Exercise prompt: Your job is to set down the stretch of entries that opens with the line containing "(apply Rmult_le_compat_l; nra)." and closes with the line containing "- rewrite Nat.add_0_r.". Keep both end lines, copy each exactly, and add nothing.

Materials provided:
------------------------------------
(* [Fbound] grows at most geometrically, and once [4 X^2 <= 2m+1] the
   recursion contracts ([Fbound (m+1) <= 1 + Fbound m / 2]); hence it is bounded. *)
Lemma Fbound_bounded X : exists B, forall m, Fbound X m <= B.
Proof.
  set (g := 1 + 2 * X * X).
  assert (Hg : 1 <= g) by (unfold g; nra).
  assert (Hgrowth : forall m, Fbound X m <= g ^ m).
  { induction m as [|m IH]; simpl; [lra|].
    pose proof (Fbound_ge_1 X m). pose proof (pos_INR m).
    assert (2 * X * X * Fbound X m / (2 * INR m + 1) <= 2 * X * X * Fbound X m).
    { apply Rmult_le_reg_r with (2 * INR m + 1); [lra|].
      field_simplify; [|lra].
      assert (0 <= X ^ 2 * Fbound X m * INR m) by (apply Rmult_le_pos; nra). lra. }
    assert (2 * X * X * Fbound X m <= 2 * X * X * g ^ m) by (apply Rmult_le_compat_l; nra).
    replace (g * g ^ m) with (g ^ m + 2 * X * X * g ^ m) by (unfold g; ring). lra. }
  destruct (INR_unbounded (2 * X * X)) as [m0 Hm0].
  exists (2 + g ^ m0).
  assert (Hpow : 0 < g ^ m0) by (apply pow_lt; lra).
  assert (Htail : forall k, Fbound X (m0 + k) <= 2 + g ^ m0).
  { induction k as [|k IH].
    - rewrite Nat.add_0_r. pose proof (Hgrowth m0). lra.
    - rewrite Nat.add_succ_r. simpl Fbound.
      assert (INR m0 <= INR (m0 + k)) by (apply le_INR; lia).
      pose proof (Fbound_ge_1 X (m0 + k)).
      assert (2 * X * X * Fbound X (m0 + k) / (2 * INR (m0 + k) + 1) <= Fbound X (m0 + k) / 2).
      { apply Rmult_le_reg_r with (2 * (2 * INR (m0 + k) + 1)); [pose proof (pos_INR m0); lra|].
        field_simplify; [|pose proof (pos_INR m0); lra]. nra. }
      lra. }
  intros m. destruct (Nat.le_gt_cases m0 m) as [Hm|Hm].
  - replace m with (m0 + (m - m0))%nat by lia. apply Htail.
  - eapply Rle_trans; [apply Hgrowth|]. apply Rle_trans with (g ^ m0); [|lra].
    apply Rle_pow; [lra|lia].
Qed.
------------------------------------
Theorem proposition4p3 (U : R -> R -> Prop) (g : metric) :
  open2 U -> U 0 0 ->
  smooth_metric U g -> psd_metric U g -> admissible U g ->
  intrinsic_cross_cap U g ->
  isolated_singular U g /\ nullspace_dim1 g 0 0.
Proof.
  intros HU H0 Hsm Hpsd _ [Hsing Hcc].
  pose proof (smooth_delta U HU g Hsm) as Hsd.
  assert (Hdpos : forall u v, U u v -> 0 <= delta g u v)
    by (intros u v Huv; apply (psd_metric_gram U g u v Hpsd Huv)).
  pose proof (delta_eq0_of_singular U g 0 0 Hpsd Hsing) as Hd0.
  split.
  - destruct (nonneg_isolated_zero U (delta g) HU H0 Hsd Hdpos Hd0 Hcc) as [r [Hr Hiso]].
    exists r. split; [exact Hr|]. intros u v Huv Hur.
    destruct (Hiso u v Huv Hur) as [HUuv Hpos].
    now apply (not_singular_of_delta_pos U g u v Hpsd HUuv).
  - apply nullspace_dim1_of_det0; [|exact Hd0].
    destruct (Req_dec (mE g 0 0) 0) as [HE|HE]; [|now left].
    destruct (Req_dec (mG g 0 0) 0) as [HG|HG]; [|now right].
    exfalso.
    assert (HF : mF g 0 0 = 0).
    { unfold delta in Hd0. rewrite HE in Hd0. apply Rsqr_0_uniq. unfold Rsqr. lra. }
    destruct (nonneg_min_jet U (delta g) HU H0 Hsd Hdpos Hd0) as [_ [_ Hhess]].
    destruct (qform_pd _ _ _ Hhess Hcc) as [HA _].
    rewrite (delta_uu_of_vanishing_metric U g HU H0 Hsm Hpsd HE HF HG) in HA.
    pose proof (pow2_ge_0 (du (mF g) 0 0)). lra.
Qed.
------------------------------------
Answer:
    assert (2 * X * X * Fbound X m <= 2 * X * X * g ^ m) by (apply Rmult_le_compat_l; nra).
    replace (g * g ^ m) with (g ^ m + 2 * X * X * g ^ m) by (unfold g; ring). lra. }
  destruct (INR_unbounded (2 * X * X)) as [m0 Hm0].
  exists (2 + g ^ m0).
  assert (Hpow : 0 < g ^ m0) by (apply pow_lt; lra).
  assert (Htail : forall k, Fbound X (m0 + k) <= 2 + g ^ m0).
  { induction k as [|k IH].
    - rewrite Nat.add_0_r. pose proof (Hgrowth m0). lra.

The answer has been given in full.